* To do: Here is the task for the records below: repeat exactly the lines from the one with "Inductive inner_map (ld" to the one with "bijective f /\", both included, and nothing else.

───

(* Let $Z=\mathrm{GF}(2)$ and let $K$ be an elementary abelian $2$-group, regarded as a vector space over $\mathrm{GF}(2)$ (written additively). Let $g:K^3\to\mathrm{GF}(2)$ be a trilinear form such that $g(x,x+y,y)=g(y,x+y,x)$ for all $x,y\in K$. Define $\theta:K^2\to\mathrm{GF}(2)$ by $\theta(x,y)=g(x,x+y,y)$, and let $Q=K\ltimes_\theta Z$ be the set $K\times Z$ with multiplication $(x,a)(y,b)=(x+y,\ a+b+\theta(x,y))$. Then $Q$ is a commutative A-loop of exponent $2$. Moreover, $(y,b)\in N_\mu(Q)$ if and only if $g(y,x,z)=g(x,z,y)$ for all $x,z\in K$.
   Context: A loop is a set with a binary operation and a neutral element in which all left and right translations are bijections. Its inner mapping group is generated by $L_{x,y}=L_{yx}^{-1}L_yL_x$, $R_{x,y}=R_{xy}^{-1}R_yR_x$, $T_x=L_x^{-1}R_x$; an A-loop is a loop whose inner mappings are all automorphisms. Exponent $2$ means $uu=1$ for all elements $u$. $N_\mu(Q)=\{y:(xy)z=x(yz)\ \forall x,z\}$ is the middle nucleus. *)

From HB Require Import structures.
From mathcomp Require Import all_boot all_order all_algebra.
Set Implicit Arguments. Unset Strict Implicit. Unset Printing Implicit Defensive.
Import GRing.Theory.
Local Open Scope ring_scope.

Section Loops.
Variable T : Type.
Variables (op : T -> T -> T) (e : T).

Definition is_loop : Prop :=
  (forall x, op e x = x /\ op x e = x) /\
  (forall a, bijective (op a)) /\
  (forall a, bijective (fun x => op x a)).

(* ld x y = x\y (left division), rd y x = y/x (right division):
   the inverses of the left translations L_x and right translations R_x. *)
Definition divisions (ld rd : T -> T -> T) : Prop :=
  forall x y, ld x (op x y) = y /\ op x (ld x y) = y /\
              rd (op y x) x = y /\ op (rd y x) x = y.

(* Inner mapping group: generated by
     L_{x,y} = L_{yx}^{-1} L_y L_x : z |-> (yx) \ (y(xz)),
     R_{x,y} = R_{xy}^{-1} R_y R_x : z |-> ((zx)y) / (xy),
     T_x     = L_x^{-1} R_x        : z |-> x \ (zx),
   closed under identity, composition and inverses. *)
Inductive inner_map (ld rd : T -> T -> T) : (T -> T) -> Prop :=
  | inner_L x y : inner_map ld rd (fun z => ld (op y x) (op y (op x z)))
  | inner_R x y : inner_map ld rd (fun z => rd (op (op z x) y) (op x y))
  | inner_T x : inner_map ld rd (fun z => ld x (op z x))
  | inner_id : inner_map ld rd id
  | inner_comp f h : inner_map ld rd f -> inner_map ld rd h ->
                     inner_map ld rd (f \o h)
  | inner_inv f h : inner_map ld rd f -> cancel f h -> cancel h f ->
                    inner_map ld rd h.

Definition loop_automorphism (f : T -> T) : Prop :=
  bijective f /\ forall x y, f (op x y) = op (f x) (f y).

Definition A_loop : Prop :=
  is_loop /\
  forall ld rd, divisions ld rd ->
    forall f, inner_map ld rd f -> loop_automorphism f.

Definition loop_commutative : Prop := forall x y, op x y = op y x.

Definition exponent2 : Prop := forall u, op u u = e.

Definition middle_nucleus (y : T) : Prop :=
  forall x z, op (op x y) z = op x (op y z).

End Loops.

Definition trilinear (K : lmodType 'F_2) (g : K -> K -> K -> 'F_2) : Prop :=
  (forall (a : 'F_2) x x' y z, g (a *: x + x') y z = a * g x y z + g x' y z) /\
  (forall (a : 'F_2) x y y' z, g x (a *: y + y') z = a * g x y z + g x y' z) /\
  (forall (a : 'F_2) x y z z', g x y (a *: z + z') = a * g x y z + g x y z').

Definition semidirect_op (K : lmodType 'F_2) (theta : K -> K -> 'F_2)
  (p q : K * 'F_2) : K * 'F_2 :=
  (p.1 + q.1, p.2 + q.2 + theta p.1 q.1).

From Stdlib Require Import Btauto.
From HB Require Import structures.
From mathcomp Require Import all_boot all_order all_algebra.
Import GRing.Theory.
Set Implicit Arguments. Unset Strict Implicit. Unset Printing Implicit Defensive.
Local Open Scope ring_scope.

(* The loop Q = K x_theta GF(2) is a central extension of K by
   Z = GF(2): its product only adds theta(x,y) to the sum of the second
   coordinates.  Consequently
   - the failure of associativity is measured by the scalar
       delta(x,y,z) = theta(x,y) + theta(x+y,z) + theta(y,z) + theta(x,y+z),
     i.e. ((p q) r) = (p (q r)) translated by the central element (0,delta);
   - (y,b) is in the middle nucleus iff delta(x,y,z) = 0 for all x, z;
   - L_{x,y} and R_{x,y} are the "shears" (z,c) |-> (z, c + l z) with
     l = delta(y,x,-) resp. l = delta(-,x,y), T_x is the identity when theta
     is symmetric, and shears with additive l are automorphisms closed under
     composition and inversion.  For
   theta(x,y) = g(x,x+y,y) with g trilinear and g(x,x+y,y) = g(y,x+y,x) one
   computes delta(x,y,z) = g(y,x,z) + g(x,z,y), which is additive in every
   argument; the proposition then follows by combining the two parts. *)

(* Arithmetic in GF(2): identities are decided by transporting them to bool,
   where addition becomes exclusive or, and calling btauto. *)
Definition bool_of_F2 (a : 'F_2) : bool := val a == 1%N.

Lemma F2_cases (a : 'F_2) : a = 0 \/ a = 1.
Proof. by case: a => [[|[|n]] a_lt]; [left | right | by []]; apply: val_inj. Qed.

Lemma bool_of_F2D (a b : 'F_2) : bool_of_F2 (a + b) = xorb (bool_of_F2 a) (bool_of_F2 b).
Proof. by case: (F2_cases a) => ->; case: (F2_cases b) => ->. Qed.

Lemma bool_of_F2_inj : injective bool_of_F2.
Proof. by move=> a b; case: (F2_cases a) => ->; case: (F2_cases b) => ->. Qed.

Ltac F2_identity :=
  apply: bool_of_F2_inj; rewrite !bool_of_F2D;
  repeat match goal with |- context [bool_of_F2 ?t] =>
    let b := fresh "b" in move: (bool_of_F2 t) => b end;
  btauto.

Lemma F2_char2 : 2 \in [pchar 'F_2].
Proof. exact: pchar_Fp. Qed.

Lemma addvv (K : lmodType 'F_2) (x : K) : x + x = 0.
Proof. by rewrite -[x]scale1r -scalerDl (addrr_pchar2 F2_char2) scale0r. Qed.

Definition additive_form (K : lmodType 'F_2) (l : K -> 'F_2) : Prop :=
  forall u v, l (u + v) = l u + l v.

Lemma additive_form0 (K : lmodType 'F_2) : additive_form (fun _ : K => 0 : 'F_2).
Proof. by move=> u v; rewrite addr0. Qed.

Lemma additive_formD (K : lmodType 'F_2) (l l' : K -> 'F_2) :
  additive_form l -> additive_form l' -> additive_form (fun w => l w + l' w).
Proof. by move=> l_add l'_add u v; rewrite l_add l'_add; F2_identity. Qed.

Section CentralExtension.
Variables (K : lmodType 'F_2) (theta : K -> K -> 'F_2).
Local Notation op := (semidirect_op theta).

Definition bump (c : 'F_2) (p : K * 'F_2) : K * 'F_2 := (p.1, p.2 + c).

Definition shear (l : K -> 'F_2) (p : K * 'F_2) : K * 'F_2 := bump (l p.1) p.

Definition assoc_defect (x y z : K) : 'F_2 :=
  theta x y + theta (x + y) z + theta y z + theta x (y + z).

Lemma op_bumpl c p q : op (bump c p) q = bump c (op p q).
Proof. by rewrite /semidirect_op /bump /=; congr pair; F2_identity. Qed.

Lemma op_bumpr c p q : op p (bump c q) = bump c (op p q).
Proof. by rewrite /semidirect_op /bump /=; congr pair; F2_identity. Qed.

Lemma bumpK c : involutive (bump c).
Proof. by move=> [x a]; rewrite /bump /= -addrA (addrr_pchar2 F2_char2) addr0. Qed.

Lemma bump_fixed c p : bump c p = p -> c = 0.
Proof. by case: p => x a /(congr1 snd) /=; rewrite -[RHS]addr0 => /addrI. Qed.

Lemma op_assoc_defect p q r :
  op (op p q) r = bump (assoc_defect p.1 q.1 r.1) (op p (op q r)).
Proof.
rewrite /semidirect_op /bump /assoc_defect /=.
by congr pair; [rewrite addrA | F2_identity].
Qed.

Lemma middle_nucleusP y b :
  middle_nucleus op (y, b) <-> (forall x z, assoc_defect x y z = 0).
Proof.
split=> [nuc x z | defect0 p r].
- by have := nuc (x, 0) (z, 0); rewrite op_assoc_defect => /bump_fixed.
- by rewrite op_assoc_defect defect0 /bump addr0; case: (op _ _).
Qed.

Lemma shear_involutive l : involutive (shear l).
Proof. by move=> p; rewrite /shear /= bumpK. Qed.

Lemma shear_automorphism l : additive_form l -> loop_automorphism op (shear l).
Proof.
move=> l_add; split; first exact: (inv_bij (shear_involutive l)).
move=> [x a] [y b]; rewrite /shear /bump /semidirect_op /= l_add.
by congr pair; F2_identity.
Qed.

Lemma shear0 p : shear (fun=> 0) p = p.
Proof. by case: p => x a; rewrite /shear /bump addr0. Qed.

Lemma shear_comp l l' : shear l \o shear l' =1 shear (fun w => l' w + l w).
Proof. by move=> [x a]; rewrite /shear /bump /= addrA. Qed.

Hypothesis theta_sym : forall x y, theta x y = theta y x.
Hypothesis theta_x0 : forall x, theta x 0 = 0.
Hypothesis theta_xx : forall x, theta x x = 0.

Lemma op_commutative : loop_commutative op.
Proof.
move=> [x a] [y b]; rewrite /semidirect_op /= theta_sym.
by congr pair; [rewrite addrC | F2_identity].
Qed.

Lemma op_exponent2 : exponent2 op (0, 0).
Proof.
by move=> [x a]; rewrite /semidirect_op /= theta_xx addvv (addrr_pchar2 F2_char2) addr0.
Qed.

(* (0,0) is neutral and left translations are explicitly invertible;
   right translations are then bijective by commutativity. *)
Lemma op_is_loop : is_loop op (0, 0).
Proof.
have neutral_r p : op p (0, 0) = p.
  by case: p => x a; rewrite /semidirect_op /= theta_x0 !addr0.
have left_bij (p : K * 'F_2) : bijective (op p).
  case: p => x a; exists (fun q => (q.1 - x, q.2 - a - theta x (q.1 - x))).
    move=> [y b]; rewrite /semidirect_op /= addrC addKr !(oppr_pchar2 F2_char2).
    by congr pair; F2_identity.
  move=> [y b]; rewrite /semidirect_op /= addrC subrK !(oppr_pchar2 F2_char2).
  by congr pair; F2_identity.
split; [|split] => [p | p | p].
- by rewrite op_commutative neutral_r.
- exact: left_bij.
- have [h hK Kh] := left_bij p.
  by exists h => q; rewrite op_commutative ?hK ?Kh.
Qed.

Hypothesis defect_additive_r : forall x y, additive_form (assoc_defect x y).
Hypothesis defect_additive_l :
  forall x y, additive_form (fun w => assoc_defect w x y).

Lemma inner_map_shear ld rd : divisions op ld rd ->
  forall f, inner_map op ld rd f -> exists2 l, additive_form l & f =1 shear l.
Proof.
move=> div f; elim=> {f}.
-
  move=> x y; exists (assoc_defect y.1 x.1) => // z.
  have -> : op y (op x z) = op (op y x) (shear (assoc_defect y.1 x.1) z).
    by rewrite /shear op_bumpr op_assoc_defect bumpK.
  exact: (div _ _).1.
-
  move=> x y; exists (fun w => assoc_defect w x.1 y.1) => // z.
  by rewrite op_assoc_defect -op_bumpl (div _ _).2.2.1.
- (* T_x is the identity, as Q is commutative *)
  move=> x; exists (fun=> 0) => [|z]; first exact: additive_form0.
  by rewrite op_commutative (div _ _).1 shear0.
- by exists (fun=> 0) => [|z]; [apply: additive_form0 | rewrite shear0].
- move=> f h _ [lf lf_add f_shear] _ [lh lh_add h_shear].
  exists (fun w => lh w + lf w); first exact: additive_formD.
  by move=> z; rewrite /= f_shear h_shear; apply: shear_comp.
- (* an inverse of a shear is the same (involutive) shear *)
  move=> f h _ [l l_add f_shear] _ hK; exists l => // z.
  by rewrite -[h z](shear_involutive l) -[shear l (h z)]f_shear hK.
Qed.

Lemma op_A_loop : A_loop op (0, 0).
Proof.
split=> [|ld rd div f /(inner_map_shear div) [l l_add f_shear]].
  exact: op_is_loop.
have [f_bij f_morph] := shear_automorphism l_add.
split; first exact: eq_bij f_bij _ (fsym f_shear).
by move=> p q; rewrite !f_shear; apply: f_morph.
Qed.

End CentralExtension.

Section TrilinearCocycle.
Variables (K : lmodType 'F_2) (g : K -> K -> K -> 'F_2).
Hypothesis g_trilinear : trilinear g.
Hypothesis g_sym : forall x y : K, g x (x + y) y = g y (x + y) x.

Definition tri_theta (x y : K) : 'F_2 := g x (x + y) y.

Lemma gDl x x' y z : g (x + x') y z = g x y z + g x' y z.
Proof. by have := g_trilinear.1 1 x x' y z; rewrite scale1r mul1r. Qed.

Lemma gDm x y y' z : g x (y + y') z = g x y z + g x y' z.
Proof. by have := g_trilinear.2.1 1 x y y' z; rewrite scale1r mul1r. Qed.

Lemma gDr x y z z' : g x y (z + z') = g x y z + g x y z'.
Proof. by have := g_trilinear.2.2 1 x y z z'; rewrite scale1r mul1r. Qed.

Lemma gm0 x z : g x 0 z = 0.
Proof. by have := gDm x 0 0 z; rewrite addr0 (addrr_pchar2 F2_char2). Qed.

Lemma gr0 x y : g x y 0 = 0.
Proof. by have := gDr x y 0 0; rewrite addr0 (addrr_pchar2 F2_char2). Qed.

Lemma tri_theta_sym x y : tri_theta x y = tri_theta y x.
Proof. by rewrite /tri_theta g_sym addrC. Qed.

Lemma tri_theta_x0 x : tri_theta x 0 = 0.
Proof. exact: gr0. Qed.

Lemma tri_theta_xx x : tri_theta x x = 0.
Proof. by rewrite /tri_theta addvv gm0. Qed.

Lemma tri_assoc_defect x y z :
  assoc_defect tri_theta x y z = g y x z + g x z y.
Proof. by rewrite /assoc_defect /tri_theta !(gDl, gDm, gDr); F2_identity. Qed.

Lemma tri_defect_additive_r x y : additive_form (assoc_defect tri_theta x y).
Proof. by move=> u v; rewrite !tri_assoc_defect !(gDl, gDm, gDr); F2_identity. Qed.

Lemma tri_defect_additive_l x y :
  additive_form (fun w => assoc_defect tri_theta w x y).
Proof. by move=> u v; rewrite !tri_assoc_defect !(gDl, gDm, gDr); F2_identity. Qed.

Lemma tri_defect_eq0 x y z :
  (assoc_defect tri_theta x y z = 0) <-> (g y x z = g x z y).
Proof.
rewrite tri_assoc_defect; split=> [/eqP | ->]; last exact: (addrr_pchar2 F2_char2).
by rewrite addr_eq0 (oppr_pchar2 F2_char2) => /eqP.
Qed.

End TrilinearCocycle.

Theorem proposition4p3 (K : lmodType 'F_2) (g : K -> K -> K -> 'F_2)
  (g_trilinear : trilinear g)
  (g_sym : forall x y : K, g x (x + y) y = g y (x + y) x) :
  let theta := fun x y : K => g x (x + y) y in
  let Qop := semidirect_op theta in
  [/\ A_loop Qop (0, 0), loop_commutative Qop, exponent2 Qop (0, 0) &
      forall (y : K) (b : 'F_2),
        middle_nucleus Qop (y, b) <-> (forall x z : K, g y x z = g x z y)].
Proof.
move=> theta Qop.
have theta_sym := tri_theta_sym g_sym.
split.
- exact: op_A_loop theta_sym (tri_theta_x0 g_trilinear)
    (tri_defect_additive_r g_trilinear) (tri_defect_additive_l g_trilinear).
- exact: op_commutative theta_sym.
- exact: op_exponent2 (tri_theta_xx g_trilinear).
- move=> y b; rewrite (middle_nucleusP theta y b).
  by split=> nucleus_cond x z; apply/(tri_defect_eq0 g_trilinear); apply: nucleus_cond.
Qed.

───

* The completed task:
Inductive inner_map (ld rd : T -> T -> T) : (T -> T) -> Prop :=
  | inner_L x y : inner_map ld rd (fun z => ld (op y x) (op y (op x z)))
  | inner_R x y : inner_map ld rd (fun z => rd (op (op z x) y) (op x y))
  | inner_T x : inner_map ld rd (fun z => ld x (op z x))
  | inner_id : inner_map ld rd id
  | inner_comp f h : inner_map ld rd f -> inner_map ld rd h ->
                     inner_map ld rd (f \o h)
  | inner_inv f h : inner_map ld rd f -> cancel f h -> cancel h f ->
                    inner_map ld rd h.

Definition loop_automorphism (f : T -> T) : Prop :=
  bijective f /\ forall x y, f (op x y) = op (f x) (f y).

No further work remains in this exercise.